R – Hugo Rosário Saporito.
P/1 – Em que data o senhor nasceu?
R – Vinte e nove de abril de 1924.
P/1 – Em São Paulo?
R – São Paulo.
P/1 – E qual que é o nome do seu pai inteiro?
R – Meu pai? Era Francesco Saverio Saporito.
P/1 – Ele nasceu onde?
R – Na Itália.
P/1 – Em que cidade da Itália ele nasceu?
R – Calábria.
P/1 – E a sua mãe, qual que é o nome dela?
R – Minha mãe italiana, também, mas veio de lá com cinco anos, praticamente, ficou brasileira, né?
P/1 – Qual que é o nome inteiro dela?
R – Angelina Giapetta Saporito.
P/1 – E o seu pai contava como que era na Itália a vida dele? O quê que eles faziam lá?
R – Meu pai veio para cá com 15 anos. Na Itália, ele não tinha praticamente o que comer, naquele tempo. Você imagina que… nem sei o ano que ele nasceu. Então, ele mais um amigo dele com 15 anos, vieram para o Brasil.
P/1 – Porque não tinha nada lá para fazer, né?
R – Não tinha nada para fazer.
P/1 – Eles vieram de navio para cá?
R – De navio. Navio e sei lá onde.
P/1 – Ele não falou pra você como foi a viagem, então?
R – Não. Foi uma viagem de terceira classe, qualquer coisa. Eles não tinham condição, eu vim aqui contar história e depois, você corta o que quiser. E naquele tempo, São Paulo, ele veio quando tinha 16, 17 anos, que ele ficou aqui na casa desse amigo que o pai desse amigo dele já estava morando aqui, eles vieram junto, mas estavam morando aqui, aí ele começou a
trabalhar, naquele tempo, São Paulo não tinha luz elétrica nas ruas, era lampião a gás, então, ele de noite ascendia o lampião e de manhã, apagava o lampião, era um emprego já que ele tinha. Depois, quando eram sete, oito horas da manhã, não sei que horas eram, naquele tempo, tinham os balaios grandes, redondos, que o pessoal punha aqui para vender, então, ele enchia de frango, de ovos e saía para vender na rua isso aí, porque São Paulo era desse tamanho, né, São Paulo era… para você ter ideia, eu nasci na rua Quirino de Andrade, no centro da cidade, não tinha maternidade, nasci em casa, normal e ele começou… foi indo assim. Em São Paulo tinha mercadinho, não tinha mercadão, tinha mercadinho.
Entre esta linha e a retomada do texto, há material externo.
(* For $n\ge2$ and $k_1,\dots,k_n\in\mathbb Z\setminus\{0\}$ with $k=\sum_{j=1}^nk_j\neq0$, let $H_n=k^3-\sum_{j=1}^nk_j^3$, $k_{\max}=\max_j|k_j|$, and let $k_{\max_j}$ be the $j$-th largest element of $\{|k_1|,\dots,|k_n|\}$. There is a constant $c>0$ depending only on $n$ such that: (1) If $n=2$: $|H_2|\ge c\,k_{\max}^2$. (2) If $n=3$: at least one of the following holds: (A) $|H_3|\ge c\,k_{\max}^2$; (B) $k_{j_0}=k$ for some $j_0\in\{1,2,3\}$; (C) $|k_j|\ge c|k|$ for all $j\in\{1,2,3\}$. (3) If $n\ge4$: at least one of the following holds: (A) $|H_n|\ge c\,k_{\max}^2$; (B) $k=k_{j_0}$ for some $j_0\in\{1,\dots,n\}$; (C) $k_{\max_3}\ge c|k|$; (D) $k_{\max_3}^2k_{\max_4}\ge c\,k_{\max}^2$. *)

From HB Require Import structures.
From mathcomp Require Import all_boot all_order all_algebra.
From mathcomp Require Import reals.
Set Implicit Arguments. Unset Strict Implicit. Unset Printing Implicit Defensive.
Import Order.TTheory GRing.Theory Num.Theory.
Local Open Scope ring_scope.

Definition ksum (n : nat) (k : 'I_n -> int) : int := \sum_(j < n) k j.

Definition Hn (n : nat) (k : 'I_n -> int) : int :=
  ksum k ^+ 3 - \sum_(j < n) k j ^+ 3.

Definition kmax (n : nat) (k : 'I_n -> int) : nat := (\max_(j < n) absz (k j))%N.

(* k_{max_m} (1-indexed, m >= 1): the m-th largest entry of the list
   |k_1|, ..., |k_n|, counted with multiplicity (decreasing rearrangement). *)
Definition kmaxj (n : nat) (k : 'I_n -> int) (m : nat) : nat :=
  nth 0%N (sort geq [seq absz (k j) | j <- enum 'I_n]) m.-1.

From HB Require Import structures.
From mathcomp Require Import all_boot all_order all_algebra.
From mathcomp Require Import reals ring lra zify.
Import Order.TTheory GRing.Theory Num.Theory.
Set Implicit Arguments. Unset Strict Implicit. Unset Printing Implicit Defensive.
Local Open Scope ring_scope.

(* Everything rests on the identity
     (a + b + s)^3 - a^3 - b^3 - s^3 = 3 (a + b) (b + s) (a + s).
   List the k_j as a, b, r, ... by decreasing absolute value, so that
   |a| = k_max. If |s| <= |a|/4 and the integers a + b, b + s are nonzero,
   then |a + s| >= 3|a|/4 and |a + b| + |b + s| >= |a - s| >= 3|a|/4 with
   both terms at least 1, so the product is at least |a|^2/4.
   For n = 2 take s = 0. For n = 3 take s the smallest entry: either a
   pairwise sum vanishes, and then k is the remaining entry, or |s| is a fixed
   fraction of |k|, or |s| <= |a|/4. For n >= 4 take s = r + t, where t is
   the sum of the entries after the third: H_n is the product above plus
   s^3 - r^3 - sum_{j > 3} k_j^3, an error of size O(n^3 k_max3^2 k_max4).
   With c = 1/(100 n^3), unless (C) or (D) holds, |s| <= |a|/4 and the error
   is at most a small multiple of |a|^2. *)

Section RealDomain.
Variable R : realDomainType.

Lemma cube_sum3E (a b s : R) :
  (a + b + s) ^+ 3 - a ^+ 3 - b ^+ 3 - s ^+ 3 = 3 * ((a + b) * (b + s) * (a + s)).
Proof. by ring. Qed.

Lemma pair_sums_prod_ge (a b s : R) :
  4 * `|s| <= `|a| -> 1 <= `|a + b| -> 1 <= `|b + s| ->
  `|a| ^+ 2 <= 4 * `|(a + b) * (b + s) * (a + s)|.
Proof.
move=> s_small ab_ge1 bs_ge1.
have as_ge : 3 * `|a| <= 4 * `|a + s|.
  by have := lerB_normD a s; lra.
have sum_ge : 3 * `|a| <= 4 * (`|a + b| + `|b + s|).
  have := ler_normB (a + b) (b + s).
  rewrite (_ : a + b - (b + s) = a - s); last by ring.
  by have := lerB_normD a (- s); rewrite normrN; lra.
have prod_ge : 3 * `|a| <= 8 * (`|a + b| * `|b + s|).
  have : 0 <= (`|a + b| - 1) * (`|b + s| - 1) by rewrite mulr_ge0 // subr_ge0.
  nra.
have a3_ge : 0 <= 3 * `|a| by rewrite mulr_ge0.
have := ler_pM a3_ge a3_ge prod_ge as_ge.
rewrite !normrM !expr2.
have := mulr_ge0 (mulr_ge0 (normr_ge0 (a + b)) (normr_ge0 (b + s))) (normr_ge0 (a + s)).
lra.
Qed.

Lemma norm_cube_sub_le (x y B : R) :
  `|x| <= B -> `|y| <= B -> `|x ^+ 3 - y ^+ 3| <= 3 * `|x - y| * B ^+ 2.
Proof.
move=> xB yB.
have -> : x ^+ 3 - y ^+ 3 = (x - y) * (x ^+ 2 + x * y + y ^+ 2) by ring.
rewrite normrM [3 * _]mulrC -mulrA ler_wpM2l //.
have := ler_normD (x ^+ 2 + x * y) (y ^+ 2); have := ler_normD (x ^+ 2) (x * y).
rewrite !normrM.
have := ler_pM (normr_ge0 x) (normr_ge0 y) xB yB.
have := ler_pM (normr_ge0 x) (normr_ge0 x) xB xB.
have := ler_pM (normr_ge0 y) (normr_ge0 y) yB yB.
rewrite !expr2; lra.
Qed.

Lemma norm_sum_le_size (T : eqType) (l : seq T) (F : T -> R) (B : R) :
  (forall x, x \in l -> `|F x| <= B) -> `|\sum_(x <- l) F x| <= (size l)%:R * B.
Proof.
elim: l => [|y l IHl] FB; first by rewrite big_nil normr0 mul0r.
rewrite big_cons /= -add1n natrD mulrDl mul1r.
apply: le_trans (ler_normD _ _) _; apply: lerD; first by apply: FB; rewrite mem_head.
by apply: IHl => x lx; apply: FB; rewrite in_cons lx orbT.
Qed.

End RealDomain.

Lemma normz_ge1 (x : int) : x != 0 -> 1 <= `|x|.
Proof. by rewrite -gtz0_ge1 normr_gt0. Qed.

Lemma cube_defect2_ge (C a b : int) : 2 <= C -> b != 0 -> a + b != 0 ->
  `|a| ^+ 2 <= C * `|(a + b) ^+ 3 - a ^+ 3 - b ^+ 3|.
Proof.
move=> C_ge2 b_nz ab_nz.
have prod_ge : `|a| ^+ 2 <= 4 * `|(a + b) * (b + 0) * (a + 0)|.
  by apply: pair_sums_prod_ge; rewrite ?normr0 ?mulr0 ?addr0 ?normz_ge1.
rewrite !addr0 in prod_ge.
have -> : (a + b) ^+ 3 - a ^+ 3 - b ^+ 3 = 3 * ((a + b) * b * a) by ring.
rewrite [`|3 * _|]normrM normr_nat.
have := normr_ge0 ((a + b) * b * a); nra.
Qed.

Lemma cube_defect3_cases (C a b d : int) : 12 <= C -> `|b| <= `|a| -> `|d| <= `|a| ->
  [\/ (a + b) * (b + d) * (a + d) = 0, `|a + b + d| <= C * `|d|
    | `|a| ^+ 2 <= C * `|(a + b + d) ^+ 3 - a ^+ 3 - b ^+ 3 - d ^+ 3|].
Proof.
move=> C_ge12 ba da.
have [|] := eqVneq ((a + b) * (b + d) * (a + d)) 0; first exact: Or31.
rewrite !mulf_eq0 !negb_or => /andP[/andP[/normz_ge1 ab_ge1 /normz_ge1 bd_ge1] _].
have [sum_small|sum_big] := leP `|a + b + d| (C * `|d|); first exact: Or32.
apply: Or33.
have d_small : 4 * `|d| <= `|a|.
  have := ler_normD (a + b) d; have := ler_normD a b.
  have := normr_ge0 d; nra.
have := pair_sums_prod_ge d_small ab_ge1 bd_ge1.
rewrite cube_sum3E [`|3 * _|]normrM normr_nat.
have := normr_ge0 ((a + b) * (b + d) * (a + d)); nra.
Qed.

Lemma cube_defect_tail_cases (N C a b r t X m : int) :
  1 <= N -> 100 * N ^+ 3 <= C -> 1 <= m -> m <= `|r| ->
  `|t| <= N * m -> `|X| <= N * (m * `|r| ^+ 2) ->
  [\/ b + r + t = 0, `|a + b + r + t| <= C * `|r|, `|a| ^+ 2 <= C * (`|r| ^+ 2 * m)
    | `|a| ^+ 2 <= C * `|(a + b + r + t) ^+ 3 - a ^+ 3 - b ^+ 3 - r ^+ 3 - X|].
Proof.
move=> N_ge1 C_ge m_ge1 m_le t_le X_le.
have [|/normz_ge1 bs_ge1] := eqVneq (b + r + t) 0; first exact: Or41.
have [sum_small|sum_big] := leP `|a + b + r + t| (C * `|r|); first exact: Or42.
have [W_big|W_small] := leP (`|a| ^+ 2) (C * (`|r| ^+ 2 * m)); first exact: Or43.
apply: Or44; set H := _ - X; set W := `|r| ^+ 2 * m in W_small *.
have W_ge0 : 0 <= W by rewrite mulr_ge0 ?sqr_ge0 //; lra.
have N_ge0 : 0 <= N by lra.
have N_le2 : N <= N ^+ 2 by rewrite expr2 ler_peMl.
have N2_le3 : N ^+ 2 <= N ^+ 3 by rewrite exprS ler_peMl ?sqr_ge0.
have N3W_small : 100 * (N ^+ 3 * W) < `|a| ^+ 2.
  by rewrite mulrA; apply: le_lt_trans W_small; rewrite ler_wpM2r.
have s_le : `|r + t| <= 2 * N * `|r|.
  by have := ler_normD r t; have := ler_wpM2l N_ge0 m_le; nra.
have s_small : 4 * `|r + t| <= `|a|.
  have r2_le : `|r| ^+ 2 <= W by rewrite ler_peMr ?sqr_ge0.
  have : (8 * N * `|r|) ^+ 2 < `|a| ^+ 2.
    have := ler_pM (sqr_ge0 N) (sqr_ge0 `|r|) N2_le3 r2_le.
    by rewrite !exprMn; nra.
  have Nr_ge0 : 0 <= 8 * N * `|r| by rewrite !mulr_ge0.
  by rewrite ltr_pXn2r ?nnegrE //; lra.
have ab_ge1 : 1 <= `|a + b|.
  apply: normz_ge1; apply: contraTneq sum_big => ab0.
  rewrite -addrA ab0 add0r -leNgt; apply: le_trans s_le _.
  by rewrite ler_wpM2r //; nra.
rewrite -addrA in bs_ge1.
have prod_ge := pair_sums_prod_ge s_small ab_ge1 bs_ge1.
have err_le : `|(r + t) ^+ 3 - r ^+ 3 - X| <= 13 * (N ^+ 3 * W).
  have r_le : `|r| <= 2 * N * `|r| by nra.
  have := norm_cube_sub_le s_le r_le; rewrite [r + t - r]addrC addKr => cube_le.
  have := ler_wpM2r (sqr_ge0 (N * `|r|)) t_le.
  have := ler_wpM2r W_ge0 (le_trans N_le2 N2_le3).
  have := ler_normB ((r + t) ^+ 3 - r ^+ 3) X.
  rewrite /W; nra.
have H_ge : 3 * `|(a + b) * (b + (r + t)) * (a + (r + t))|
    - `|(r + t) ^+ 3 - r ^+ 3 - X| <= `|H|.
  have -> : H = 3 * ((a + b) * (b + (r + t)) * (a + (r + t)))
      + ((r + t) ^+ 3 - r ^+ 3 - X) by rewrite /H; ring.
  by apply: le_trans _ (lerB_normD _ _); rewrite [`|3 * _|]normrM normr_nat.
have C_ge2 : 2 <= C by have := exprn_ege1 3 N_ge1; nra.
have a2_le : `|a| ^+ 2 <= 2 * `|H| by have := sqr_ge0 `|a|; lra.
exact: le_trans a2_le (ler_wpM2r (normr_ge0 H) C_ge2).
Qed.

Lemma natr_absz_le_scaled (R : numFieldType) (C x y : int) :
  0 < C -> `|x| <= C * `|y| -> (C%:~R)^-1 * (absz x)%:R <= (absz y)%:R :> R.
Proof. by move=> C_gt0 le_xy; rewrite ler_pdivrMl ?ltr0z // !natr_absz -rmorphM ler_int. Qed.

Definition abs_geq : rel int := fun x y => `|y| <= `|x|.

Lemma abs_geq_trans : transitive abs_geq.
Proof. by move=> y x z xy yz; apply: le_trans yz xy. Qed.

Lemma abs_geq_path_le (x : int) (s : seq int) :
  path abs_geq x s -> forall y, y \in s -> `|y| <= `|x|.
Proof. by move/(order_path_min abs_geq_trans)/allP. Qed.

Lemma bigmax_absz_sorted (s : seq int) :
  sorted abs_geq s -> (\max_(x <- s) absz x)%N = absz (head 0 s).
Proof.
case: s => [|a s] /=; first by rewrite big_nil.
move/abs_geq_path_le => le_a; rewrite big_cons; apply/maxn_idPl/bigmax_leqP_seq => x xs _.
by rewrite -lez_nat !abszE le_a.
Qed.

Section Proposition2.
Variables (n : nat) (k : 'I_n -> int).

Let entries := sort abs_geq [seq k j | j <- enum 'I_n].

Lemma sorted_entries : sorted abs_geq entries.
Proof. by apply: sort_sorted => x y; apply: le_total. Qed.

Lemma size_entries : size entries = n.
Proof. by rewrite size_sort size_map size_enum_ord. Qed.

Lemma mem_entries j : k j \in entries.
Proof. by rewrite mem_sort map_f ?mem_enum. Qed.

Lemma entriesP x : x \in entries -> exists j, k j = x.
Proof. by rewrite mem_sort => /mapP[j _ ->]; exists j. Qed.

Lemma big_entries (T : Type) (idx : T) (op : Monoid.com_law idx) (F : int -> T) :
  \big[op/idx]_(j < n) F (k j) = \big[op/idx]_(x <- entries) F x.
Proof. by rewrite (perm_big _ (permEl (perm_sort _ _))) big_map big_enum. Qed.

Lemma ksum_entries : ksum k = \sum_(x <- entries) x.
Proof. exact: big_entries. Qed.

Lemma Hn_entries : Hn k = (\sum_(x <- entries) x) ^+ 3 - \sum_(x <- entries) x ^+ 3.
Proof. by rewrite /Hn ksum_entries (big_entries _ (fun x => x ^+ 3)). Qed.

Lemma kmax_entries : kmax k = absz (head 0 entries).
Proof. by rewrite /kmax (big_entries _ absz) bigmax_absz_sorted ?sorted_entries. Qed.

Lemma kmaxj_entries m : kmaxj k m = nth 0%N [seq absz x | x <- entries] m.-1.
Proof. by rewrite /kmaxj (map_comp absz k) sort_map. Qed.

Variable R : realFieldType.
Hypotheses (k_nz : forall j, k j != 0) (ksum_nz : ksum k != 0).

Let C : int := 100 * n%:Z ^+ 3.
Let c : R := (C%:~R)^-1.

Let C_ge100 : (0 < n)%N -> 100 <= C.
Proof. by move=> n_gt0; rewrite ler_peMr // exprn_ege1 // lez_nat. Qed.

Lemma entries_nz x : x \in entries -> x != 0.
Proof. by case/entriesP=> j <-. Qed.

Lemma proposition2_two : n = 2%N -> c * (kmax k)%:R ^+ 2 <= (absz (Hn k))%:R.
Proof.
move=> n2; rewrite kmax_entries Hn_entries.
move: size_entries entries_nz ksum_nz; rewrite ksum_entries.
case: entries => [|a [|b [|? ?]]] //= size_s s_nz; rewrite ?n2 // in size_s.
rewrite !big_cons !big_nil !addr0 opprD addrA => ab_nz.
have C_ge : 100 <= C by rewrite C_ge100 ?n2.
rewrite -natrX -abszX; apply: natr_absz_le_scaled; first by lra.
rewrite normrX; apply: cube_defect2_ge ab_nz; first by lra.
by rewrite s_nz // !inE eqxx orbT.
Qed.

Lemma proposition2_three : n = 3%N ->
  c * (kmax k)%:R ^+ 2 <= (absz (Hn k))%:R \/
  (exists j0, k j0 = ksum k) \/
  (forall j, c * (absz (ksum k))%:R <= (absz (k j))%:R).
Proof.
move=> n3; have C_ge : 100 <= C by rewrite C_ge100 ?n3.
rewrite kmax_entries Hn_entries ksum_entries.
move: size_entries sorted_entries entriesP mem_entries.
case: entries => [|a [|b [|d [|? ?]]]] //= size_s; rewrite ?n3 // in size_s.
move=> /and3P[ba db _] memP kmem; rewrite !big_cons !big_nil !addr0 !opprD !addrA.
have C_ge12 : 12 <= C by lra.
have [|sum_small|defect_big] := cube_defect3_cases C_ge12 ba (le_trans db ba).
- move/eqP; rewrite !mulf_eq0 => /orP[/orP[]|] /eqP sum0; right; left.
  + have /memP[j kj] : d \in [:: a; b; d] by rewrite !inE eqxx !orbT.
    by exists j; rewrite kj sum0 add0r.
  + have /memP[j kj] : a \in [:: a; b; d] by rewrite !inE eqxx.
    by exists j; rewrite kj -addrA sum0 addr0.
  + have /memP[j kj] : b \in [:: a; b; d] by rewrite !inE eqxx orbT.
    by exists j; rewrite kj addrAC sum0 add0r.
- right; right => j; apply: natr_absz_le_scaled; first by lra.
  apply: (le_trans sum_small); apply: ler_wpM2l; first by lra.
  by have := kmem j; rewrite !inE => /or3P[] /eqP ->; rewrite ?(le_trans db ba).
- left; rewrite -natrX -abszX; apply: natr_absz_le_scaled; first by lra.
  by rewrite normrX.
Qed.

Lemma proposition2_ge4 : (4 <= n)%N ->
  c * (kmax k)%:R ^+ 2 <= (absz (Hn k))%:R \/
  (exists j0, k j0 = ksum k) \/
  c * (absz (ksum k))%:R <= (kmaxj k 3)%:R \/
  c * (kmax k)%:R ^+ 2 <= ((kmaxj k 3) ^ 2 * kmaxj k 4)%N%:R.
Proof.
move=> n_ge4; have C_ge : 100 <= C by rewrite C_ge100 // (leq_trans _ n_ge4).
rewrite kmax_entries Hn_entries ksum_entries !kmaxj_entries.
move: size_entries sorted_entries entriesP entries_nz.
case: entries => [|a [|b [|r [|u tl]]]] //= size_s; rewrite -?size_s // in n_ge4.
move=> /and4P[_ _ ur /abs_geq_path_le tl_le] memP s_nz.
have tail_le x : x \in u :: tl -> `|x| <= `|u|.
  by rewrite inE => /predU1P[-> // | /tl_le].
have size_tail : (size (u :: tl))%:R <= n%:Z by rewrite natz lez_nat -size_s /=; lia.
have t_le := le_trans (norm_sum_le_size tail_le) (ler_wpM2r (normr_ge0 u) size_tail).
have cube_le x : x \in u :: tl -> `|x ^+ 3| <= `|u| * `|r| ^+ 2.
  move=> /tail_le xu; rewrite normrX exprS !expr2.
  by apply: ler_pM; rewrite ?mulr_ge0 //; apply: ler_pM; rewrite // (le_trans xu ur).
have X_le := le_trans (norm_sum_le_size cube_le)
  (ler_wpM2r (mulr_ge0 (normr_ge0 u) (sqr_ge0 `|r|)) size_tail).
rewrite !big_cons in t_le X_le *.
set t := u + _ in t_le *; set X := u ^+ 3 + _ in X_le *; clearbody t X.
rewrite !opprD !addrA.
have N_ge1 : 1 <= n%:Z by rewrite -size_s.
have u_ge1 : 1 <= `|u| by rewrite normz_ge1 // s_nz // !inE eqxx !orbT.
have [sum0|sum_small|W_big|defect_big] :=
  cube_defect_tail_cases a b N_ge1 (lexx C) u_ge1 ur t_le X_le.
- right; left; have /memP[j kj] : a \in [:: a, b, r, u & tl] by rewrite inE eqxx.
  by exists j; rewrite kj -(addrA a) -(addrA a) sum0 addr0.
- by right; right; left; apply: natr_absz_le_scaled; first by lra.
- right; right; right; rewrite -natrX -abszX -abszX -abszM.
  by apply: natr_absz_le_scaled; rewrite ?normrM ?normrX //; lra.
- left; rewrite -natrX -abszX; apply: natr_absz_le_scaled; first by lra.
  by rewrite normrX.
Qed.

End Proposition2.

Theorem proposition2 (R : realType) (n : nat) (hn : (2 <= n)%N) :
  exists c : R, 0 < c /\
  forall k : 'I_n -> int,
    (forall j, k j != 0) -> ksum k != 0 ->
    (n = 2%N -> (absz (Hn k))%:R >= c * (kmax k)%:R ^+ 2) /\
    (n = 3%N ->
       (absz (Hn k))%:R >= c * (kmax k)%:R ^+ 2 \/
       (exists j0 : 'I_n, k j0 = ksum k) \/
       (forall j : 'I_n, (absz (k j))%:R >= c * (absz (ksum k))%:R)) /\
    ((4 <= n)%N ->
       (absz (Hn k))%:R >= c * (kmax k)%:R ^+ 2 \/
       (exists j0 : 'I_n, k j0 = ksum k) \/
       (kmaxj k 3)%:R >= c * (absz (ksum k))%:R \/
       ((kmaxj k 3) ^ 2 * kmaxj k 4)%N%:R >= c * (kmax k)%:R ^+ 2).
Proof.
exists ((100 * n%:Z ^+ 3)%:~R)^-1; split.
  by rewrite invr_gt0 ltr0z pmulr_rgt0 // exprn_gt0 // ltz_nat (ltn_trans _ hn).
move=> k k_nz ksum_nz; split; [|split].
- exact: proposition2_two.
- exact: proposition2_three.
- exact: proposition2_ge4.
Qed.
Mercadinho que vendia todos os gêneros alimentícios e ele foi trabalhar no mercadinho numa firma que eu não me lembro o nome. Como o meu pai foi muito inteligente, graças a Deus, aí ele foi trabalhar no mercado. Depois de um determinado tempo, ele alugou um box no mercadinho, para ele sozinho. Era na… hoje, avenida…a aquela que vai para o Mercadão, como é que chama? Que sai do túnel, lá, Anhangabaú. Mercadinho Anhangabaú, chamava. E ele ficou lá, mas era alugado. Depois, a pessoa que tinha alugado para ele quis de volta o box, aí ele comprou outro box no mercado, no outro mercado e ficou no box do mercadinho trabalhando. E aí, em 1933, foi inaugurado o Mercadão e ele tinha direito a um box porque ele já era do mercado. E ele ficou com um box no Mercadão. Mas naquele tempo, o Mercadão não tinha movimento, porque São Paulo era tão pequeno, que tinham dois ou três mercados, tinha um mercado na General Carneiro, quando termina a General Carneiro, tinha um mercado lá, eles inutilizaram aquele mercado para todo mundo ir para o Mercadão e os consumidores não queriam andar aquele pedaço da General Carneiro até o Mercadão, e o Mercadão foi um fracasso naquele tempo, aí não vendeu nada, começou a ter problemas. Aí, ele foi para a feira. Ficou com o Mercadão, teve um tio que ficou no Mercadão tomando conta e ele foi para feira, uma banquinha na feira e foi para a feira, naquele tempo, os caminhões eram Ford Bigode, ele foi para a feira e foi tocando o negócio assim. Depois, aí naquele tempo, não tinha supermercado, não tinha nada, feira era supermercado, as bancas de feira eram um sucesso fantástico e eu fui com ele para a feira, fui trabalhar com ele na feira.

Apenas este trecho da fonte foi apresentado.